··· PROVIDED RECORDS ···
Lemma conjR_mul (u v : H2) : conjR (mul2 q u v) = mul2 q (conjR u) (conjR v).
Proof.
rewrite /conjR !mul2A.
by rewrite -[mul2 q (mul2 q (mul2 q R u) Rinv) R]mul2A Rinv_mulR mul2_1r.
Qed.

Lemma conjR_pow2 (u : H2) l : conjR (pow2 q u l) = pow2 q (conjR u) l.
Proof.
elim: l => [|l IHl]; first by rewrite /conjR /pow2 /= mul2_1r R_mulRinv.
by rewrite /pow2 /= conjR_mul -/(pow2 q u l) IHl.
Qed.

Lemma conjR_flip (u : H2) : mul2 q (flip2 u) R = mul2 q R u -> conjR u = flip2 u.
Proof. by move=> uR; rewrite /conjR -uR -mul2A R_mulRinv mul2_1r. Qed.

Lemma flip2_Deltab b : flip2 (Deltab q a b) = conjR (Deltab q a b).
Proof.
rewrite /Deltab flip2_mul !flip2_pow2 conjR_mul !conjR_pow2.
by rewrite (conjR_flip flip_Dz_R) (conjR_flip flip_Dx_R).
Qed.

Lemma flip2_sumZ (c : B -> k) (F : B -> H2) :
  flip2 (\sum_b scl (c b) (F b)) = \sum_b scl (c b) (flip2 (F b)).
Proof.
by apply/ffunP => p; rewrite ffunE !sum_ffunE; apply: eq_bigr => b _; rewrite !ffunE.
Qed.

Lemma Delta_op_conjR h : Delta_op q a h = conjR (Delta q a h).
Proof.
rewrite /Delta_op /Delta /conjR mul2E flip2_sumZ.
rewrite [mul_sc _ _ (\sum_b _)]mul_sc_sumr [mul_sc _ (\sum_b _) _]mul_sc_suml.
by apply: eq_bigr => b _; rewrite flip2_Deltab /conjR mul2E mul_scZr mul_scZl.
Qed.

Lemma zpow_ordE (i : 'I_N) (b : B) : zpow k n i b = (b.1 == i)%:R * (~~ b.2)%:R.
Proof.
rewrite ffunE modn_small // -[b.1 == i]/(b.1 == i :> nat).
by case: (_ == _ :> nat); case: b.2; rewrite /= ?mulr1 ?mulr0.
Qed.

Lemma E_coord j (b : B) : E n q j b = N%:R^-1 * (~~ b.2)%:R * Q ^+ (b.1 * j).
Proof.
rewrite ffunE sum_ffunE.
under eq_bigr => i _ do rewrite ffunE zpow_ordE eq_sym mulrCA.
by rewrite sum_delta_l; ring.
Qed.

Lemma unity_ratio_eq1 l (j : 'I_N) : (q ^+ l * Q ^+ j == 1) = (j == l %% N :> nat)%N.
Proof.
have qj_neq0 : q ^+ j != 0 by rewrite expf_neq0 // q_neq0.
rewrite -(inj_eq (mulIf qj_neq0)) mul1r -mulrA exprVn (mulVf qj_neq0) mulr1.
by rewrite (eq_prim_root_expr q_prim) (modn_small (ltn_ord j)) eq_sym.
Qed.

Lemma sum_E_pow l (b : B) : \sum_(i < N) (q ^+ l) ^+ i * E n q i b = zpow k n l b.
Proof.
case: b => j t.
transitivity (N%:R^-1 * (~~ t)%:R * \sum_(i < N) (q ^+ l * Q ^+ j) ^+ i).
  by rewrite mulr_sumr; apply: eq_bigr => i _; rewrite E_coord exprMn exprM /=; ring.
rewrite sum_expr_unity; last first.
  rewrite exprMn -!exprM mulnC exprM (prim_expr_order q_prim).
  by rewrite mulnC exprM QN !expr1n mulr1.
rewrite unity_ratio_eq1 ffunE /=.
have N_inv : N%:R^-1 * N%:R = 1 :> k := mulVf N_neq0.
by case: t; case: (j == _ :> nat);
  rewrite ?mulr0n ?mulr1n /= ?(mul0r, mulr0, mulr1, mul1r).
Qed.

Lemma sum_Ex_pow l (b : B) : \sum_(i < N) (q ^+ l) ^+ i * mulH q (E n q i) (xH k n) b =
  mulH q (zpow k n l) (xH k n) b.
Proof.
have -> : zpow k n l = \sum_(i < N) scl ((q ^+ l) ^+ i) (E n q i).
  apply/ffunP => b'; rewrite -sum_E_pow sum_ffunE.
  by apply: eq_bigr => i _; rewrite [RHS]ffunE.
rewrite mulHE mul_sc_suml sum_ffunE.
by apply: eq_bigr => i _; rewrite mul_scZl [RHS]ffunE.
Qed.

Lemma sum_E (b : B) : \sum_(i < N) E n q i b = mono mon1 b.
Proof. by rewrite -zpowE -(sum_E_pow 0); apply: eq_bigr => i _; rewrite expr1n mul1r. Qed.

Lemma sum_signed_E (b : B) : \sum_(i < N) (-1) ^+ i * E n q i b = mono mong b.
Proof. by rewrite -mono_zn -zpowE -sum_E_pow qn. Qed.

Lemma sum_Ex (b : B) : \sum_(i < N) mulH q (E n q i) (xH k n) b = mono monx b.
Proof.
have -> : mono monx = mulH q (zpow k n 0) (xH k n).
  by rewrite zpowE xHE mulH_mono /= addn0 scl1r.
by rewrite -sum_Ex_pow; apply: eq_bigr => i _; rewrite expr1n mul1r.
Qed.

Lemma sum_signed_Ex (b : B) :
  \sum_(i < N) (-1) ^+ i * mulH q (E n q i) (xH k n) b = mono mongx b.
Proof.
have -> : mono mongx = mulH q (zpow k n n) (xH k n).
  by rewrite zpowE xHE mulH_mono /= addn0 scl1r mono_zn.
by rewrite -sum_Ex_pow qn.
Qed.

Lemma sum_tens_coord (F : 'I_N -> 'I_N -> k) (A C : 'I_N -> H) p :
  (\sum_(i < N) \sum_(j < N) scl (F i j) (tens (A i) (C j))) p =
  \sum_(i < N) \sum_(j < N) F i j * (A i p.1 * C j p.2).
Proof.
rewrite sum_ffunE; apply: eq_bigr => i _; rewrite sum_ffunE.
by apply: eq_bigr => j _; rewrite !ffunE.
Qed.

Lemma Rmat_comb : Rmat n q a = R.
Proof.
apply/ffunP => p; rewrite [LHS]ffunE [scl _ _ p]ffunE !sum_tens_coord.
rewrite (sum_sign_split two_neq0) (sum_sign_split_shift two_neq0).
rewrite !sum_E !sum_signed_E !sum_Ex !sum_signed_Ex.
by coord_field.
Qed.

Definition leg12 (i : k * (mon * mon)) : k * (mon * mon * mon) :=
  (i.1, (i.2.1, i.2.2, mon1)).

Definition leg13 (i : k * (mon * mon)) : k * (mon * mon * mon) :=
  (i.1, (i.2.1, mon1, i.2.2)).

Definition leg23 (i : k * (mon * mon)) : k * (mon * mon * mon) :=
  (i.1, (mon1, i.2.1, i.2.2)).

Lemma R12_comb L : R12 (comb2 L) = comb3 (map leg12 L).
Proof.
apply/ffunP => p; rewrite ffunE comb2E comb3E big_map mulr_suml.
by apply: eq_bigr => i _; rewrite oneHE /=; ring.
Qed.

Lemma R13_comb L : R13 (comb2 L) = comb3 (map leg13 L).
Proof.
apply/ffunP => p; rewrite ffunE comb2E comb3E big_map mulr_suml.
by apply: eq_bigr => i _; rewrite oneHE /=; ring.
Qed.

Lemma R23_comb L : R23 (comb2 L) = comb3 (map leg23 L).
Proof.
apply/ffunP => p; rewrite ffunE comb2E comb3E big_map mulr_sumr.
by apply: eq_bigr => i _; rewrite oneHE /=; ring.
Qed.

Lemma sum_comb2 L (G : B * B -> k) :
  \sum_p comb2 L p * G p = \sum_(i <- L) i.1 * G (idx i.2.1, idx i.2.2).
Proof.
under eq_bigr => p _ do rewrite comb2E mulr_suml.
rewrite exchange_big; apply: eq_bigr => i _.
rewrite -(sum_delta_l (idx i.2.1, idx i.2.2) (fun p => i.1 * G p)).
apply: eq_bigr => -[b1 b2] _; rewrite /mono !ffunE xpair_eqE /=.
by case: (b1 == idx i.2.1); case: (b2 == idx i.2.2); rewrite /=; ring.
Qed.

Lemma DeltaId_comb2E L p : DeltaId q a (comb2 L) p =
  \sum_(i <- L) i.1 * (Deltab q a (idx i.2.1) p.1 * mono i.2.2 p.2).
Proof.
rewrite /DeltaId sum_ffunE; under eq_bigr => p' _ do rewrite ffunE.
by rewrite sum_comb2; apply: eq_bigr => i _; rewrite ffunE.
Qed.

Lemma IdDelta_comb2E L p : IdDelta q a (comb2 L) p =
  \sum_(i <- L) i.1 * (mono i.2.1 p.1.1 * Deltab q a (idx i.2.2) (p.1.2, p.2)).
Proof.
rewrite /IdDelta sum_ffunE; under eq_bigr => p' _ do rewrite ffunE.
by rewrite sum_comb2; apply: eq_bigr => i _; rewrite ffunE.
Qed.

Lemma DeltaId_Rmat :
  DeltaId q a (Rmat n q a) = mul3 q (R13 (Rmat n q a)) (R23 (Rmat n q a)).
Proof.
rewrite Rmat_comb; apply/ffunP => p; rewrite DeltaId_comb2E R13_comb R23_comb mul3_comb.
by rewrite {1}/R_list !big_cons big_nil !Deltab_idx; coord_field.
Qed.

Lemma IdDelta_Rmat :
  IdDelta q a (Rmat n q a) = mul3 q (R13 (Rmat n q a)) (R12 (Rmat n q a)).
Proof.
rewrite Rmat_comb; apply/ffunP => p; rewrite IdDelta_comb2E R13_comb R12_comb mul3_comb.
by rewrite {1}/R_list !big_cons big_nil !Deltab_idx; coord_field.
Qed.

Lemma Rmat_conj_Delta : exists Rinv : H2,
  mul2 q (Rmat n q a) Rinv = one2 k n /\ mul2 q Rinv (Rmat n q a) = one2 k n /\
  forall h, Delta_op q a h = mul2 q (mul2 q (Rmat n q a) (Delta q a h)) Rinv.
Proof.
rewrite Rmat_comb; exists Rinv.
by split; [exact: R_mulRinv | split; [exact: Rinv_mulR | exact: Delta_op_conjR]].
Qed.

End H4n.

Theorem mainTheorem3 (k : closedFieldType) (n : nat) (q a : k) :
  [pchar k] =i pred0 -> (0 < n)%N -> (2 * n).-primitive_root q ->
  @quasi_triangular k n q a (@Rmat k n q a).
Proof.
move=> char_k0 n_gt0 q_prim; split; last split.
- exact: Rmat_conj_Delta.
- exact: DeltaId_Rmat.
- exact: IdDelta_Rmat.
Qed.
···
Could you show every line of the listing that holds the string "mongx"?

  \sum_(i < N) (-1) ^+ i * mulH q (E n q i) (xH k n) b = mono mongx b.
have -> : mono mongx = mulH q (zpow k n n) (xH k n).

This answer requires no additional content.